After applying the patch, the resulting .rpm package is singed with an unkown key (0xb3fd7e48). I couldn’t quickly find any .rpm package from today on the update servers.
It seems to me, there is something weird going on.
Same problem with openSUSE 12.3 this morning: several delta rpm files produced NOKEY errors:
libMagickCore5-6.7.8.8-4.9.1
libmagic-data-5.11-12.6.1
libssh4-0.5.3-2.4.1 (!!!)
libMagickWand5-6.7.8.8-4.9.1
libmagic1-5.11-12.6.1
ImageMagick-6.7.8.8-4.9.1
file-5.11-12.6.1
libMagick++5-6.7.8.8-4.9.1
My update repo url is http://download.opensuse.org/update/12.3/
All the problematic files were claimed to originate from there, but when I searched via http (Browser) in that repo, none of the drpm versions was there.
I sure do not want questionable ssh/file/ImageMagick packages, so I did a “zypper clean -a” and then “zypper ref” to rebuild the caches.
After that I reinstalled all suspicious packages (zypper in -f …), without any error message. All versions are back to official versions (double checked and verified via http://software.opensuse.org/).
No. But apparently something went wrong with those updates. Normally the packages should get re-signed with the update repo’s key, but that didn’t happen in this case. So they are still signed with some internal openSUSE:Maintenance key.
I also downgraded those packages to previous versions. But libmagic1 and file-magic seem to be used almost everywhere. e.g. in zypper. So the command to remove the packages used that stuff. So if this was an attack then we would be f#cked anyway…

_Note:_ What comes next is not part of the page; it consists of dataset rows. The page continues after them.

(* Let $g(t)=\sum_{n\ge0}g_nt^n$ be a real formal power series with $g_0=1$ and let $f(t)=\sum_{n\ge1}f_nt^n$ be a real formal power series with $f_1\ne0$. If the quasi-Riordan array $[g,f]$ is totally positive, then $f$ is a Pólya frequency power series, i.e. its coefficient sequence $(f_n)_{n\ge0}$ (with $f_0=0$) is a Pólya frequency sequence.
   Context: The quasi-Riordan array $[g,f]$ is the infinite lower triangular matrix $(r_{n,k})_{n,k\ge0}$ with $r_{n,0}=g_n$ and $r_{n,k}=[t^n]\,t^{k-1}f(t)=f_{n-k+1}$ for $k\ge1$ (with $f_j=0$ for $j\le0$); that is, its columns have generating functions $g,f,tf,t^2f,\dots$. An infinite matrix is totally positive (TP) if all its minors are nonnegative. A sequence $(a_n)_{n\ge0}$ of nonnegative reals is a Pólya frequency (PF) sequence if its Toeplitz matrix $[a_{i-j}]_{i,j\ge0}$ (with $a_m=0$ for $m<0$) is TP; a formal power series is a Pólya frequency power series if its coefficient sequence is PF. *)

From mathcomp Require Import all_boot all_order all_algebra.
From mathcomp Require Import reals.
Set Implicit Arguments. Unset Strict Implicit. Unset Printing Implicit Defensive.
Import Order.TTheory GRing.Theory Num.Theory.
Local Open Scope ring_scope.

Definition infmx (R : realType) := nat -> nat -> R.

Definition incr_idx k (s : 'I_k -> nat) : Prop :=
  forall i j : 'I_k, (i < j)%N -> (s i < s j)%N.

Definition minor (R : realType) (A : infmx R) k (r c : 'I_k -> nat) : R :=
  \det (\matrix_(i < k, j < k) A (r i) (c j)).

Definition TP (R : realType) (A : infmx R) : Prop :=
  forall k (r c : 'I_k -> nat), incr_idx r -> incr_idx c -> 0 <= minor A r c.

Definition toeplitz (R : realType) (a : nat -> R) : infmx R :=
  fun i j => if (j <= i)%N then a (i - j)%N else 0.

Definition PF (R : realType) (a : nat -> R) : Prop :=
  (forall n, 0 <= a n) /\ TP (toeplitz a).

(* Quasi-Riordan array [g, f]: column 0 is g, column k>=1 is t^(k-1) f,
   i.e. r_{n,k} = f_{n-k+1} (with f_j = 0 for j <= 0, i.e. n-k+1 <= 0). *)
Definition quasi_riordan (R : realType) (g f : nat -> R) : infmx R :=
  fun n k => if k == 0%N then g n
             else if (k <= n.+1)%N then f (n.+1 - k)%N else 0.

(* The columns of [g, f] other than the first are t^(k-1) f, so deleting the
   first column of [g, f] leaves exactly the Toeplitz matrix of f.  Total
   positivity passes to submatrices, and the entries of a TP matrix are
   nonnegative (1 x 1 minors). *)
From mathcomp Require Import all_boot all_order all_algebra.
From mathcomp Require Import reals.
Import Order.TTheory GRing.Theory Num.Theory.
Local Open Scope ring_scope.

Section TotalPositivity.
Context {R : realType}.
Implicit Types A B : infmx R.

Lemma TP_eq {A B} : A =2 B -> TP A -> TP B.
Proof.
move=> eqAB tpA k r c hr hc; have := tpA k r c hr hc.
by rewrite /minor; under eq_mx do rewrite eqAB.
Qed.

Lemma TP_submx {A} {p q : nat -> nat} :
  {homo p : m n / (m < n)%N} -> {homo q : m n / (m < n)%N} ->
  TP A -> TP (fun i j => A (p i) (q j)).
Proof.
move=> p_incr q_incr tpA k r c hr hc.
by apply: (tpA k (p \o r) (q \o c)) => i j /= ltij; [apply/p_incr/hr | apply/q_incr/hc].
Qed.

Lemma TP_ge0 {A} : TP A -> forall i j, 0 <= A i j.
Proof.
move=> tpA i j; have incr1 (s : 'I_1 -> nat) : incr_idx s by move=> [[|?] ?] [[|?] ?].
by have := tpA 1%N (fun _ => i) (fun _ => j) (incr1 _) (incr1 _); rewrite /minor det_mx11 mxE.
Qed.

Lemma quasi_riordan_succ_col (g f : nat -> R) :
  (fun n k => quasi_riordan g f n k.+1) =2 toeplitz f.
Proof. by []. Qed.

End TotalPositivity.

Theorem proposition2p3 (R : realType) (g f : nat -> R) :
  g 0%N = 1 -> f 0%N = 0 -> f 1%N != 0 ->
  TP (quasi_riordan g f) -> PF f.
Proof.
move=> _ f0 _ tp_gf.
have tp_f : TP (toeplitz f).
  by apply: TP_eq (quasi_riordan_succ_col g f) (TP_submx (p := id) (q := succn) _ _ tp_gf).
split=> // -[|n]; first by rewrite f0.
by have := TP_ge0 tp_f n.+1 0; rewrite /toeplitz subn0.
Qed.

But how can it be that packages with wrong or missing signatures can be installed by zypper? I would assume the most basic unit test for such code and the most important one is if packages with wrong or missing signatures are refused. How can it be that zypper installs those. That is just something that must not happen, ever. I very much like suse, but if package management code can end up in production that did not pass such a unit test or if such unit tests do not exist, then I have to switch…
Because zypper checks the repo metadata signature. If the repo maintainer has signed the metadata describing the package it is considered trusted, even if the package signing key is not. So it’s the responsibility of the repo maintainer not include bad packages into the repo.
Not really the cleanest design, using 2 levels of signing, but only relying on one and warning on the other. No security issue as far as I see in this moment if you are aware that you trust the repo maintainer, but a source for confusion. And given the fact the users are always the weakest point in all signing, PKI etc, it’s not a good idea to confuse them even further…
I guess historical reasons, because rpm existed before zypper AFAIK.
Well, actually it is rpm that checks the signature, not zypper.
So I guess the behaviour should be the same on other rpm-based distros.
And yes, it is true that rpm only prints a warning if the key is unknown.
But if the signature is wrong/invalid, it will refuse to install the package AFAIK.
If you consider this a bug, you should report it at http://bugzilla.novell.com/ (same username/password as here).
The main integrity checking of our repositories is the gpg signature of repomd.xml (repomd.xml.asc) and the chain of sha256 signatures to all the other XML and .RPM files from that file.
The RPM signature is secondary and currently not checked.
The problem was that the updated RPMs did not get resigned correctly in the release process on March 13th due to a bug in the OBS.
I have removed the erronous updates and will be respooling them in the next days.